**Assignment**
Nothing in the entries may be dropped: restate them word for word.

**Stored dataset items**

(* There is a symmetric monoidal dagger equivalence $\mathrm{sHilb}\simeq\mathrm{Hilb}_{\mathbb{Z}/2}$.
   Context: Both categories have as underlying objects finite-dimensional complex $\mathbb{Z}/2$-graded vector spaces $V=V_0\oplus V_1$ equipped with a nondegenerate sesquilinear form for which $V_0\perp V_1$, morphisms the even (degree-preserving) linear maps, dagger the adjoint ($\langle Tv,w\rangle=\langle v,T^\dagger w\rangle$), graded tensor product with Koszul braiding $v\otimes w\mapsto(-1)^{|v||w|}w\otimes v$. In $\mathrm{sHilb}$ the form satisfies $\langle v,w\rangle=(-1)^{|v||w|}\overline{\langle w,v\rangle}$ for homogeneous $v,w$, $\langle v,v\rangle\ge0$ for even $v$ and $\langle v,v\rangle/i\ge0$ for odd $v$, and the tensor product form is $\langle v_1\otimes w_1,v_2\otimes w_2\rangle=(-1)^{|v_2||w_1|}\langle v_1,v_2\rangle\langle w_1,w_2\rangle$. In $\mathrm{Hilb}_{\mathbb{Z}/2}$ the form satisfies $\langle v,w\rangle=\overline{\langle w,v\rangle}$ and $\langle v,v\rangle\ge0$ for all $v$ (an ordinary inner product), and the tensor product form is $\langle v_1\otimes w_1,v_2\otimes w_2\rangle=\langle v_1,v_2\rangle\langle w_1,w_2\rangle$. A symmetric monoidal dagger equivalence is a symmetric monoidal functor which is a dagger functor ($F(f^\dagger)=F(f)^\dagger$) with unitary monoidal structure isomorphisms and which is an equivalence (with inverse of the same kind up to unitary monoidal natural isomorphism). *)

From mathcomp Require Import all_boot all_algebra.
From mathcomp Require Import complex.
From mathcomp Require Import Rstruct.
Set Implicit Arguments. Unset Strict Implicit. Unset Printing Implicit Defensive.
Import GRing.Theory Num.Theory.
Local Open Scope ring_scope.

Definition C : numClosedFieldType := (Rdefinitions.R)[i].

**Task solution**
(* There is a symmetric monoidal dagger equivalence $\mathrm{sHilb}\simeq\mathrm{Hilb}_{\mathbb{Z}/2}$.
   Context: Both categories have as underlying objects finite-dimensional complex $\mathbb{Z}/2$-graded vector spaces $V=V_0\oplus V_1$ equipped with a nondegenerate sesquilinear form for which $V_0\perp V_1$, morphisms the even (degree-preserving) linear maps, dagger the adjoint ($\langle Tv,w\rangle=\langle v,T^\dagger w\rangle$), graded tensor product with Koszul braiding $v\otimes w\mapsto(-1)^{|v||w|}w\otimes v$. In $\mathrm{sHilb}$ the form satisfies $\langle v,w\rangle=(-1)^{|v||w|}\overline{\langle w,v\rangle}$ for homogeneous $v,w$, $\langle v,v\rangle\ge0$ for even $v$ and $\langle v,v\rangle/i\ge0$ for odd $v$, and the tensor product form is $\langle v_1\otimes w_1,v_2\otimes w_2\rangle=(-1)^{|v_2||w_1|}\langle v_1,v_2\rangle\langle w_1,w_2\rangle$. In $\mathrm{Hilb}_{\mathbb{Z}/2}$ the form satisfies $\langle v,w\rangle=\overline{\langle w,v\rangle}$ and $\langle v,v\rangle\ge0$ for all $v$ (an ordinary inner product), and the tensor product form is $\langle v_1\otimes w_1,v_2\otimes w_2\rangle=\langle v_1,v_2\rangle\langle w_1,w_2\rangle$. A symmetric monoidal dagger equivalence is a symmetric monoidal functor which is a dagger functor ($F(f^\dagger)=F(f)^\dagger$) with unitary monoidal structure isomorphisms and which is an equivalence (with inverse of the same kind up to unitary monoidal natural isomorphism). *)

From mathcomp Require Import all_boot all_algebra.
From mathcomp Require Import complex.
From mathcomp Require Import Rstruct.
Set Implicit Arguments. Unset Strict Implicit. Unset Printing Implicit Defensive.
Import GRing.Theory Num.Theory.
Local Open Scope ring_scope.

Definition C : numClosedFieldType := (Rdefinitions.R)[i].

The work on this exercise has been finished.